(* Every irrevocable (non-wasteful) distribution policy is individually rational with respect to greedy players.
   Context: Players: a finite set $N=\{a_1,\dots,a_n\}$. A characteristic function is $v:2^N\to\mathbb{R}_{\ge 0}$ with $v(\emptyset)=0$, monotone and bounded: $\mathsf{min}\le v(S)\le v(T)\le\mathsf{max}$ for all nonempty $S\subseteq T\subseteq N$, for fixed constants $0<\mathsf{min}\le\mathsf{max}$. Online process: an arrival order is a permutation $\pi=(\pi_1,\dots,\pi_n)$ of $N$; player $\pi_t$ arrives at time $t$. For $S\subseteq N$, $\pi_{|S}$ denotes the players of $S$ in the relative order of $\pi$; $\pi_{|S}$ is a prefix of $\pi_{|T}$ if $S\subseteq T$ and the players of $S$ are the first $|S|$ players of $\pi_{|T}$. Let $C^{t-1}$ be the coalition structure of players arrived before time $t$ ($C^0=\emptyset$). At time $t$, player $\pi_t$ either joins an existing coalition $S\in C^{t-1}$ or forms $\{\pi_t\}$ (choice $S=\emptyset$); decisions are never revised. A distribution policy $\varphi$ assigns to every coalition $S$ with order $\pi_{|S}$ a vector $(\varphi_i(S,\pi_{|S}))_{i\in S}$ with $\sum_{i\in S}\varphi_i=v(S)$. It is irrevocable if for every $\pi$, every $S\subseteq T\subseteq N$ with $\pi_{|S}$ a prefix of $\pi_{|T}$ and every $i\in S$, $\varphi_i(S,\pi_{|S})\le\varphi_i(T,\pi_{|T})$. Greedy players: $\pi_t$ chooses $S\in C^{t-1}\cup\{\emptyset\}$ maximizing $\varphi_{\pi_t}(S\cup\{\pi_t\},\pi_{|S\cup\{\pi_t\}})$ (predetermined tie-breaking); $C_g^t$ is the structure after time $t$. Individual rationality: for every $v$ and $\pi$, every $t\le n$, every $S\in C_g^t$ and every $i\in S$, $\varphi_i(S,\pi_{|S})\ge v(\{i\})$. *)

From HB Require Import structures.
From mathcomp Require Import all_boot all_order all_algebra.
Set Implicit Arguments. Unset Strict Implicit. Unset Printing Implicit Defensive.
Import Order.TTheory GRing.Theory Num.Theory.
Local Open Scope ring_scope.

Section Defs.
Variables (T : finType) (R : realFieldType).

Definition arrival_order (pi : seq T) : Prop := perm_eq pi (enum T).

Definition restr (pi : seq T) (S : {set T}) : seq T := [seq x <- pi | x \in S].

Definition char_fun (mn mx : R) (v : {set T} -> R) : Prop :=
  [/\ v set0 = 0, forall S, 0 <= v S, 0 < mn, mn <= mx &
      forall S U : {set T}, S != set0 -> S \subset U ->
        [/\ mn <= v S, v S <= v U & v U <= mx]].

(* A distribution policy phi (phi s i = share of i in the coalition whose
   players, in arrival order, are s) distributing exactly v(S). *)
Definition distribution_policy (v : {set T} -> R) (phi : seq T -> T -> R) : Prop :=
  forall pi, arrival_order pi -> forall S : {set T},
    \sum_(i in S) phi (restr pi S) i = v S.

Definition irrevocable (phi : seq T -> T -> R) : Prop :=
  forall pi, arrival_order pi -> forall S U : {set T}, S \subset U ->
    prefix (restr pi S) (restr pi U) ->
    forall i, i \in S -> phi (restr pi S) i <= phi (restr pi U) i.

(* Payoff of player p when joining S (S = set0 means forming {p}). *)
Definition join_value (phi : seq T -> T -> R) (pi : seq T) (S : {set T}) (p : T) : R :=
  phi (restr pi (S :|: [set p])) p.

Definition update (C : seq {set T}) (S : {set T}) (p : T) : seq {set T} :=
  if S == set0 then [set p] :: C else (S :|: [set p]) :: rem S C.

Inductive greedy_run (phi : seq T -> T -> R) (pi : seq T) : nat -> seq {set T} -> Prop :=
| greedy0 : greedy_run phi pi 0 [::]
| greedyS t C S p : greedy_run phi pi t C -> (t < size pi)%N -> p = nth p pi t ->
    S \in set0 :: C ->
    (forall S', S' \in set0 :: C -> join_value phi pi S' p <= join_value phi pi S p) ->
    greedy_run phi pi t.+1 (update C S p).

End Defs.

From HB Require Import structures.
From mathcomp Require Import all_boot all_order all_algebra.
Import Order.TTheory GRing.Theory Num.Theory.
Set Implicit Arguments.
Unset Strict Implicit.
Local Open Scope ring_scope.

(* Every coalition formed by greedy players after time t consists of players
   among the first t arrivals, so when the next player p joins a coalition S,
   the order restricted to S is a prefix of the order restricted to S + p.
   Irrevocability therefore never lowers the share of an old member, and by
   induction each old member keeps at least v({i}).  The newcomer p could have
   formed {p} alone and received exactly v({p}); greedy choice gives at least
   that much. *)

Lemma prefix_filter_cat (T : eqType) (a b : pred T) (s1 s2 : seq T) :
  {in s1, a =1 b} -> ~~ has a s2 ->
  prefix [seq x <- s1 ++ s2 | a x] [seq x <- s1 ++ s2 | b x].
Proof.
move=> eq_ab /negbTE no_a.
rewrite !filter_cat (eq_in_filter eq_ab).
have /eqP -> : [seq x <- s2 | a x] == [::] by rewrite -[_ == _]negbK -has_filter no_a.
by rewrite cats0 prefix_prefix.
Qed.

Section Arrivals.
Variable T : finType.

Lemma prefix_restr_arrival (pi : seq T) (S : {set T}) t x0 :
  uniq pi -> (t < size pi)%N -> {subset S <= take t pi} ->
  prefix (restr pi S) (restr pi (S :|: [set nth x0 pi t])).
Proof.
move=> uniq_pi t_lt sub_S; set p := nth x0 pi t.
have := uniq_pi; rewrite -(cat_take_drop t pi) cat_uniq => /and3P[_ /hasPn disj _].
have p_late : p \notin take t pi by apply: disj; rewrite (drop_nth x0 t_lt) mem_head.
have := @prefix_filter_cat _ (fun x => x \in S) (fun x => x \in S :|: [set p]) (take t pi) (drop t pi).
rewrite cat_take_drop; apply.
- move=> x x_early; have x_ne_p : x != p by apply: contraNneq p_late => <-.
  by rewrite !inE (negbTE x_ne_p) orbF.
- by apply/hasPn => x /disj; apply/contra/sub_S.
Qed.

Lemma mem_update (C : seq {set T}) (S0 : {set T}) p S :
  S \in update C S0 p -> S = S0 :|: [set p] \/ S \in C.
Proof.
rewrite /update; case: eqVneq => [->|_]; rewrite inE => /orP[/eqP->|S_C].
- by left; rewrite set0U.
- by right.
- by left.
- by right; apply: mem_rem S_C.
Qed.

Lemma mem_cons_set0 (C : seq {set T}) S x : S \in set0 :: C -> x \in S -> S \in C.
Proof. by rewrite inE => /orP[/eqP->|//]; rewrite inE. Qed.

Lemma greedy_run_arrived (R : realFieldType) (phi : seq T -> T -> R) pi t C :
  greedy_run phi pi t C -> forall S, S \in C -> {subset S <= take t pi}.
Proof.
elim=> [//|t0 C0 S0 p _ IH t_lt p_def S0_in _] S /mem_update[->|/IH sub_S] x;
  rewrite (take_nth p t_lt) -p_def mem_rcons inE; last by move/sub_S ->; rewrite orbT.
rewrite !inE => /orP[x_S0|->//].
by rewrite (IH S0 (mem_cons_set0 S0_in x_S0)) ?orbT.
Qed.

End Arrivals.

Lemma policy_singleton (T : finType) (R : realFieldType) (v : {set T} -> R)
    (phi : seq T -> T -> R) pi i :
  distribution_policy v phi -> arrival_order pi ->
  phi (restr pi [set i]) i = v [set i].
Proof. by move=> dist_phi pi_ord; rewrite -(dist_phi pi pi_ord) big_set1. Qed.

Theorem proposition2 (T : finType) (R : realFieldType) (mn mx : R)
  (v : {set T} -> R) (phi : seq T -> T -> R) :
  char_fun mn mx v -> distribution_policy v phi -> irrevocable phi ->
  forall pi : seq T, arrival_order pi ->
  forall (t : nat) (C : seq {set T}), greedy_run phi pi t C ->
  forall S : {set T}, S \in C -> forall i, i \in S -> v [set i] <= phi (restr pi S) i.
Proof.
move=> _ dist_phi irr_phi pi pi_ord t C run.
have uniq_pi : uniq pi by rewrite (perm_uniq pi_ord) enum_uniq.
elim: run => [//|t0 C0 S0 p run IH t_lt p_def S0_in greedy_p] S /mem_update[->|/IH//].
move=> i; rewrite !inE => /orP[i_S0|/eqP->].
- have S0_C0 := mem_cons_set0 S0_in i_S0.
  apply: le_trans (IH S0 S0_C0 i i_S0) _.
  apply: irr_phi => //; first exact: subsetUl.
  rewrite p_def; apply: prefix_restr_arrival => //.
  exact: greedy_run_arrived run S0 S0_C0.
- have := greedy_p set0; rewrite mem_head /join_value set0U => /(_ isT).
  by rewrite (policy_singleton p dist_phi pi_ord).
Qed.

==

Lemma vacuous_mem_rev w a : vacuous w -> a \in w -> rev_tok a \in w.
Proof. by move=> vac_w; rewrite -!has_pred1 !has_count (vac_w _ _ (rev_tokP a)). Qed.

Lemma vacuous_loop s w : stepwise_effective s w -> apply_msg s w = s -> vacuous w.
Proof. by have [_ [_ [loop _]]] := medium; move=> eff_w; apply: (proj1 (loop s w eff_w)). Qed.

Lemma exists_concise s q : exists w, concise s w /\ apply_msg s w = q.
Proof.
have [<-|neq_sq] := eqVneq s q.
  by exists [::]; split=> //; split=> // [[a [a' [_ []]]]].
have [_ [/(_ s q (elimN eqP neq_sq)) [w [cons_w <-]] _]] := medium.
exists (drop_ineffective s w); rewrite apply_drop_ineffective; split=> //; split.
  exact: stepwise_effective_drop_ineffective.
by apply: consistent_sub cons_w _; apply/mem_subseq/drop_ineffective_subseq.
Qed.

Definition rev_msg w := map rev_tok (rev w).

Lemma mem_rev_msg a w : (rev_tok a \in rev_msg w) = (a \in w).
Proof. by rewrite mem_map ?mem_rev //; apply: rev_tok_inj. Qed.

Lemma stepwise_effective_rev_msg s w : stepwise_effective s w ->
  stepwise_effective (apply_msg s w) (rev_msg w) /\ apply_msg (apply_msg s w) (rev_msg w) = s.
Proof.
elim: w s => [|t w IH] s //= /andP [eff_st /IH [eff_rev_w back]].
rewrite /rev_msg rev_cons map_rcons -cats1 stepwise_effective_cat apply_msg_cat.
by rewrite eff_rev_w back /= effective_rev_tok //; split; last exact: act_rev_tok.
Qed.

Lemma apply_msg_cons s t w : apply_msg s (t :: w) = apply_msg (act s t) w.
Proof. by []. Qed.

Brief ▸
Each line that holds the string "with" counts once. Give the total for the listing and nothing else.

Your solution ▸
2